Using Relative Links in Metalsmith

Christian Emmer
Christian Emmer
May 21, 2020 · 4 min read

Relative links in HTML increases a site's portability to be hosted from anywhere, and it's easy to automatically convert links in Metalsmith projects.

The main reason you would want to use relative links rather than semi-absolute links (those that start with /) is to make your output more portable, so it can be hosted from any directory. For example, JetBrains IDEs serve HTML files at localhost:<port>/www/<path>, though that's a very specific example.

Project setup

To keep this article short and to the point we're not going to set up a full website, just enough to show sample usage. See "Starting a Metalsmith Project" for a more complete article on how to set up a Metalsmith project.

Starting a Metalsmith Project

Sep 19, 2019 · 12 min read

Metalsmith is a plugin-based static site generator originally from Segment. It's a current favorite of mine because of how sites are built as a pipeline of plugins where the output of each plugin is the input of the next. This allows for strong control over what happens and when it happens.
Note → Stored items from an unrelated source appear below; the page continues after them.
(* Suppose $d_i-a_i<2t_i$ for every job $i$. Then for any set $S$ of jobs there is at most one order in which all jobs of $S$ can be executed nonpreemptively, each job $i$ processed without interruption during an interval $[s_i,s_i+t_i)$ with $a_i\le s_i\le d_i-t_i$, with the intervals pairwise disjoint. In particular, the ordering of the executed jobs in any nonpreemptive schedule is uniquely determined by the set of executed jobs.
   Context: Jobs $1,\dots,n$ have nonnegative integer processing times $t_i$, arrival times $a_i$ and deadlines $d_i$; they are executed on a single processor that processes one job at a time. *)

From mathcomp Require Import all_boot.
Set Implicit Arguments. Unset Strict Implicit. Unset Printing Implicit Defensive.

(* Jobs are indexed by 'I_n; t = processing times, a = arrival times,
   d = deadlines; times are natural numbers (discrete time). *)

Definition intervals_disjoint (s t s' t' : nat) : Prop :=
  forall x : nat, ~ ((s <= x < s + t) /\ (s' <= x < s' + t')).

Definition feasible_schedule (n : nat) (t a d : 'I_n -> nat)
    (S : {set 'I_n}) (s : 'I_n -> nat) : Prop :=
  (forall i, i \in S -> a i <= s i /\ s i + t i <= d i) /\
  (forall i j, i \in S -> j \in S -> i != j ->
     intervals_disjoint (s i) (t i) (s j) (t j)).

From mathcomp Require Import all_boot.
From mathcomp Require Import zify.

Set Implicit Arguments.
Unset Strict Implicit.

(* With slack d_i - a_i < 2 t_i, every job has positive length and its
   latest start d_i - t_i lies before its earliest completion a_i + t_i.
   If job i starts no later than job j, disjointness forces i to finish
   before j starts, so d_i - t_i < a_i + t_i <= s_j <= d_j - t_j.  Hence in
   every feasible schedule the jobs run in increasing order of latest start,
   an order that does not depend on the schedule. *)

Lemma intervals_disjoint_end_leq (s t s' t' : nat) :
  0 < t' -> intervals_disjoint s t s' t' -> s <= s' -> s + t <= s'.
Proof.
move=> t'_gt0 dis le_ss'; rewrite leqNgt; apply/negP => lt_s'_end.
by apply: (dis s'); lia.
Qed.

Section SlackSchedule.

Variables (n : nat) (t a d : 'I_n -> nat).
Hypothesis slack : forall i, d i < a i + 2 * t i.
Variables (S : {set 'I_n}) (s : 'I_n -> nat).
Hypothesis feas : feasible_schedule t a d S s.

Lemma feasible_length_gt0 i : i \in S -> 0 < t i.
Proof. by move=> iS; have [? ?] := feas.1 i iS; have := slack i; lia. Qed.

Lemma feasible_leq_latest_start i j : i \in S -> j \in S -> i != j ->
  s i <= s j -> d i - t i < d j - t j.
Proof.
move=> iS jS neq_ij le_sij.
have i_done : s i + t i <= s j.
  apply: (intervals_disjoint_end_leq (feasible_length_gt0 jS)) le_sij.
  exact: feas.2 i j iS jS neq_ij.
have [? ?] := feas.1 i iS; have [? ?] := feas.1 j jS; have := slack i; lia.
Qed.

Lemma feasible_ltE i j : i \in S -> j \in S -> i != j ->
  (s i < s j <-> d i - t i < d j - t j).
Proof.
move=> iS jS neq_ij; split=> [/ltnW|lt_latest].
  exact: feasible_leq_latest_start.
rewrite ltnNge; apply/negP => le_sji.
have neq_ji : j != i by rewrite eq_sym.
by have := feasible_leq_latest_start jS iS neq_ji le_sji; lia.
Qed.

End SlackSchedule.

Theorem corollary1 (n : nat) (t a d : 'I_n -> nat)
    (Hslack : forall i, d i < a i + 2 * t i)
    (S : {set 'I_n}) (s1 s2 : 'I_n -> nat) :
  feasible_schedule t a d S s1 ->
  feasible_schedule t a d S s2 ->
  forall i j, i \in S -> j \in S -> (s1 i < s1 j <-> s2 i < s2 j).
Proof.
move=> F1 F2 i j iS jS.
have [<-|neq_ij] := eqVneq i j; first by rewrite !ltnn.
rewrite (feasible_ltE Hslack F1 iS jS neq_ij).
by rewrite (feasible_ltE Hslack F2 iS jS neq_ij).
Qed.
Lemma expr_q1_coset (x : F) : x != 0 -> x ^+ (q - 1) = w ^+ (coset_index x * (q - 1)).
Proof.
move=> x0; have [wx _] := dlogP w_prim x0.
rewrite -{1}wx -exprM -(prim_expr_mod w_prim) /= muln_modl ?N_factor //; lia.
Qed.

Lemma coset_index_eq (x y : F) : x != 0 -> y != 0 ->
  coset_index x = coset_index y -> x / y \in Kq.
Proof.
move=> x0 y0 xy; rewrite Kq_unit ?mulf_neq0 ?invr_eq0 //.
rewrite exprMn exprVn !expr_q1_coset // xy mulfV //.
by rewrite expf_neq0 // (w_neq0 w_prim).
Qed.

(* Multiplying by t shifts the logarithm mod 4 by the coset index of t,
   because 4 divides q + 1. *)
Lemma mem_D0_mul (g t : F) : g != 0 -> t != 0 ->
  (g * t \in Dcl w 0) = ((dlog w g + coset_index t) %% 4 < 2)%N.
Proof.
move=> g0 t0; rewrite (mem_D0 w_prim four_dvd_N) mulf_neq0 //=.
rewrite (dlogM w_prim) // (modn_dvdm _ four_dvd_N) /=.
by rewrite -[in RHS]modnDmr (modn_dvdm _ four_dvd_qS) modnDmr.
Qed.

Lemma mem_D0_mulK (c x : F) : c \in Kq -> c != 0 -> (c * x \in Dcl w 0) = (x \in Dcl w 0).
Proof.
move=> Kc c0; have [-> | x0] := eqVneq x 0; first by rewrite mulr0.
rewrite mulrC mem_D0_mul //; move: Kc; rewrite -coset_index0 // => /eqP ->.
by rewrite addn0 (mem_D0 w_prim four_dvd_N) x0.
Qed.

Definition offdiag : {set 'I_q.+1 * 'I_q.+1} :=
  [set ab | [&& ab.1 != ord0, ab.2 != ord0 & ab.1 != ab.2]].

Lemma card_offdiag : (#|offdiag| : int) = q%:Z ^+ 2 - q%:Z.
Proof.
have count_nz : \sum_(a : 'I_q.+1 | a != ord0) (1 : int) = q%:Z.
  by rewrite sumr_const cardC1 card_ord natz.
transitivity ((\sum_(a : 'I_q.+1 | a != ord0) (1 : int)) ^+ 2
                - \sum_(a : 'I_q.+1 | a != ord0) (1 : int) ^+ 2); last first.
  by rewrite count_nz.
rewrite -(sum_distinct_pairs (fun a : 'I_q.+1 => a != ord0) (fun=> 1 : int)).
rewrite -sum1_card -natz natr_sum.
by apply: eq_big => [ab | ab _]; rewrite ?inE ?mulr1.
Qed.

Definition coset_pair (t : F) : ('I_q.+1 * 'I_q.+1)%type := (coset_index t, coset_index (t - 1)).

Lemma notKq (t : F) : t \notin Kq -> [/\ t != 0, t - 1 != 0 & t - 1 \notin Kq].
Proof.
move=> nKt; have nKt1 : t - 1 \notin Kq.
  by apply: contra nKt => Kt1; rewrite -(subrK 1 t) KqD ?Kq1.
split=> //; [move: nKt | move: nKt1]; by apply: contraNneq => ->; exact: Kq0.
Qed.

(* The map is injective: if t' = c t and t' - 1 = d (t - 1) with c, d in Kq,
   then (c - d) t = 1 - d forces c = d = 1 since t is not in Kq. *)
Lemma coset_pair_inj : {in ~: Kq &, injective coset_pair}.
Proof.
move=> t t'; rewrite !in_setC => nKt /notKq [t'0 t'10 _] e.
have [t0 t10 _] := notKq nKt.
have Kc := coset_index_eq t'0 t0 (congr1 fst (esym e)).
have Kd := coset_index_eq t'10 t10 (congr1 snd (esym e)).
set c := t' / t in Kc; set d := (t' - 1) / (t - 1) in Kd.
have Et : t' = c * t by rewrite divfK.
have Ed : t' - 1 = d * (t - 1) by rewrite divfK.
have key : (c - d) * t = 1 - d.
  have dt : d * t = t' - 1 + d by rewrite Ed mulrBr mulr1 subrK.
  by rewrite mulrBl -Et dt; ring.
have [cd | cd] := eqVneq c d.
  move: key; rewrite cd subrr mul0r => /esym /eqP; rewrite subr_eq0 => /eqP d1.
  by rewrite Et cd -d1 mul1r.
suff Kt : t \in Kq by rewrite Kt in nKt.
rewrite (_ : t = (1 - d) / (c - d)); last by rewrite -key mulrC mulKf // subr_eq0.
by rewrite KqM ?KqV ?KqB ?Kq1.
Qed.

(* The pair of cosets avoids the trivial coset and the diagonal: if t and t - 1
   were in the same coset, then 1 - t^-1 = (t - 1) / t would lie in Kq, hence t. *)
Lemma coset_pair_offdiag (t : F) : t \notin Kq -> coset_pair t \in offdiag.
Proof.
move=> nKt; have [t0 t10 nKt1] := notKq nKt.
rewrite inE /= !coset_index0 // nKt nKt1 /=; apply: contra nKt => /eqP e.
have := coset_index_eq t10 t0 (esym e); rewrite mulrBl mulfV // mul1r => Kt'.
have -> : t = (1 - (1 - t^-1))^-1 by rewrite opprB addrC subrK invrK.
by apply: KqV; rewrite KqB ?Kq1.
Qed.

Lemma card_notKq : (#|~: Kq| : int) = q%:Z ^+ 2 - q%:Z.
Proof.
have := cardsC Kq; rewrite card_Kq card_F => partition_F.
by rewrite -[Posz q]natz -natrX natz; lia.
Qed.

Lemma coset_pair_image : coset_pair @: (~: Kq) = offdiag.
Proof.
apply/eqP; rewrite eqEcard; apply/andP; split.
  by apply/subsetP => _ /imsetP [t nKt ->]; rewrite coset_pair_offdiag // -in_setC.
have : (#|offdiag| : int) = #|~: Kq| by rewrite card_offdiag card_notKq.
by rewrite (card_in_imset coset_pair_inj) => -[->].
Qed.

Lemma s_at0 : s 0 = 0.
Proof. by rewrite /grset (mem_D0 w_prim four_dvd_N) eqxx. Qed.

(* Along Kq the product s(g t) s(g (t - 1)) equals s(g), except at t = 0, 1. *)
Lemma autocorr_Kq (g : F) :
  \sum_(t in Kq) s (g * t) * s (g * (t - 1)) = s g * (q%:Z - 2).
Proof.
have sum_Kq_eq (a : F) : a \in Kq -> \sum_(t in Kq) ((t == a) : nat)%:Z = 1.
  by move=> Ka; rewrite (bigD1 a) //= eqxx big1 ?addr0 // => t /andP [_ /negbTE ->].
rewrite (eq_bigr (fun t => s g * (1 - ((t == 0) : nat)%:Z - ((t == 1) : nat)%:Z))).
  rewrite -mulr_sumr !sumrB sumr_const card_Kq !sum_Kq_eq ?Kq0 ?Kq1 //.
  by rewrite -mulr_natr mul1r natz; congr (_ * _); lia.
move=> t Kt; have [-> | t0] := eqVneq t 0; first by rewrite mulr0 s_at0 mul0r eq_sym oner_eq0 /=; lia.
have [-> | t1] := eqVneq t 1; first by rewrite subrr mulr0 s_at0 mulr0 /=; lia.
rewrite ![g * _]mulrC /grset !mem_D0_mulK ?KqB ?Kq1 ?subr_eq0 //=.
by case: (g \in Dcl w 0).
Qed.

(* By mem_D0_mul, s(g t) = coset_ind (dlog g) (coset_index t) for g, t <> 0. *)
Definition coset_ind (L : nat) (a : 'I_q.+1) : int := (((L + a) %% 4 < 2)%N : nat)%:Z.

(* Since 4 | q + 1, exactly half of the residues a < q + 1 have (L + a) mod 4 < 2. *)
Lemma sum_coset_ind (L : nat) : \sum_(a : 'I_q.+1) coset_ind L a = (q.+1 %/ 2)%N%:Z.
Proof.
rewrite /coset_ind -(big_mkord xpredT (fun a => (((L + a) %% 4 < 2)%N : nat)%:Z)).
have -> : q.+1 = (4 * (q.+1 %/ 4))%N by rewrite mulnC divnK // four_dvd_qS.
rewrite (eq_big_nat _ _ (F2 := fun j => (((L + j %% 4) %% 4 < 2)%N : nat)%:Z)).
  rewrite (sum_periodic 4 _ (fun j => (((L + j) %% 4 < 2)%N : nat)%:Z)).
  rewrite !big_nat_recr //= big_geq // add0r -!(modnDml L) addn0.
  rewrite -mulr_natr natz.
  by have := ltn_pmod L (isT : (0 < 4)%N); case: (L %% 4)%N => [|[|[|[|]]]] //= _; lia.
by move=> j _; rewrite modnDmr.
Qed.

Lemma autocorr_notKq (g : F) : g != 0 ->
  \sum_(t | t \notin Kq) s (g * t) * s (g * (t - 1)) =
  ((q.+1 %/ 2)%N%:Z - s g) ^+ 2 - ((q.+1 %/ 2)%N%:Z - s g).
Proof.
move=> g0; set u := coset_ind (dlog w g).
transitivity (\sum_(ab in offdiag) u ab.1 * u ab.2).
  rewrite -coset_pair_image big_imset /=; last exact: coset_pair_inj.
  apply: eq_big => t; first by rewrite in_setC.
  by move=> /notKq [t0 t10 _]; rewrite /grset !mem_D0_mul.
have u0 : u ord0 = s g by rewrite /u /coset_ind /grset (mem_D0 w_prim four_dvd_N) g0 addn0.
have sum_u : \sum_(a | a != ord0) u a = (q.+1 %/ 2)%N%:Z - s g.
  by rewrite -u0 -(sum_coset_ind (dlog w g)) [in RHS](bigD1 ord0) //= addrC addrK.
have sum_u2 : \sum_(a | a != ord0) u a ^+ 2 = \sum_(a | a != ord0) u a.
  by apply: eq_bigr => a _; rewrite /u /coset_ind; case: (_ < _)%N.
rewrite -sum_u -{2}sum_u2.
rewrite -(sum_distinct_pairs (fun a : 'I_q.+1 => a != ord0)).
by apply: eq_bigl => ab; rewrite inE.
Qed.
Starting a Metalsmith Project

Installing packages

Starting with an empty project, install some Metalsmith packages:

npm install --save metalsmith metalsmith-html-relative

Source file structure

Create the following directories and files for use in the build pipeline:

.
├── index.js
└── src
    ├── contact
    │   └── index.html
    ├── index.html
    └── static
        └── css
            └── styles.css

No need to fill in src/static/css/styles.css, it just needs to exist.

Writing the source files

Let's fill in the HTML files such that they reference each other and our CSS:

<!-- src/index.html -->

<!DOCTYPE html>
<html lang="en">
<head>
    <title>Home</title>
    <link rel="stylesheet" href="/static/css/styles.css">
</head>
<body>
<h1>Home</h1>
<a href="/index.html">Home</a>
<a href="/contact/index.html">Contact</a>
</body>
</html>
<!-- src/contact/index.html -->

<!DOCTYPE html>
<html lang="en">
<head>
    <title>Contact</title>
    <link rel="stylesheet" href="/static/css/styles.css">
</head>
<body>
<h1>Contact</h1>
<a href="/index.html">Home</a>
<a href="/contact/index.html">Contact</a>
</body>
</html>

Then set up your index.js file like this:

const Metalsmith = require('metalsmith');
const relative   = require('metalsmith-html-relative');

Metalsmith(__dirname)
    .source('./src')         // source directory for the pipeline
    .use(relative())         // convert all local links to be relative links
    .destination('./build')  // destination directory of the pipeline
    .clean(true)             // clean the destination directory before build
    .build(err => {          // execute the build
        if (err) {
            throw err;
        }
    });

This will:

  • Convert all local resource links (hyperlinks, CSS, JavaScript, images, etc.) in all HTML files to be relative.
  • Copy everything in src/ to build/.

See the metalsmith-html-relative options for other available options.

Build and output

Run the build command like normal:

node index

And you'll get output similar to (minus comments):

<!-- build/index.html -->

<!DOCTYPE html>
<html lang="en">
<head>
    <title>Home</title>
    <link rel="stylesheet" href="static/css/styles.css">  <!-- previously: /static/css/styles.css -->
</head>
<body>
<h1>Home</h1>
<a href="index.html">Home</a>  <!-- previously: /index.html -->
<a href="contact/index.html">Contact</a>  <!-- previously: /contact/index.html -->
</body>
</html>
<!-- build/contact/index.html -->

<!DOCTYPE html>
<html lang="en">
<head>
    <title>Contact</title>
    <link rel="stylesheet" href="../static/css/styles.css">  <!-- previously: /static/css/styles.css -->
</head>
<body>
<h1>Contact</h1>
<a href="../index.html">Home</a>  <!-- previously: /index.html -->
<a href="index.html">Contact</a>  <!-- previously: /contact/index.html -->
</body>
</html>

Note that no local resource link begins with a forward slash (/), and there are a number of links that start with a parent directory reference (../).

Conclusion

Admittedly the use cases for all of this are limited, but you can definitely save some time if you need it!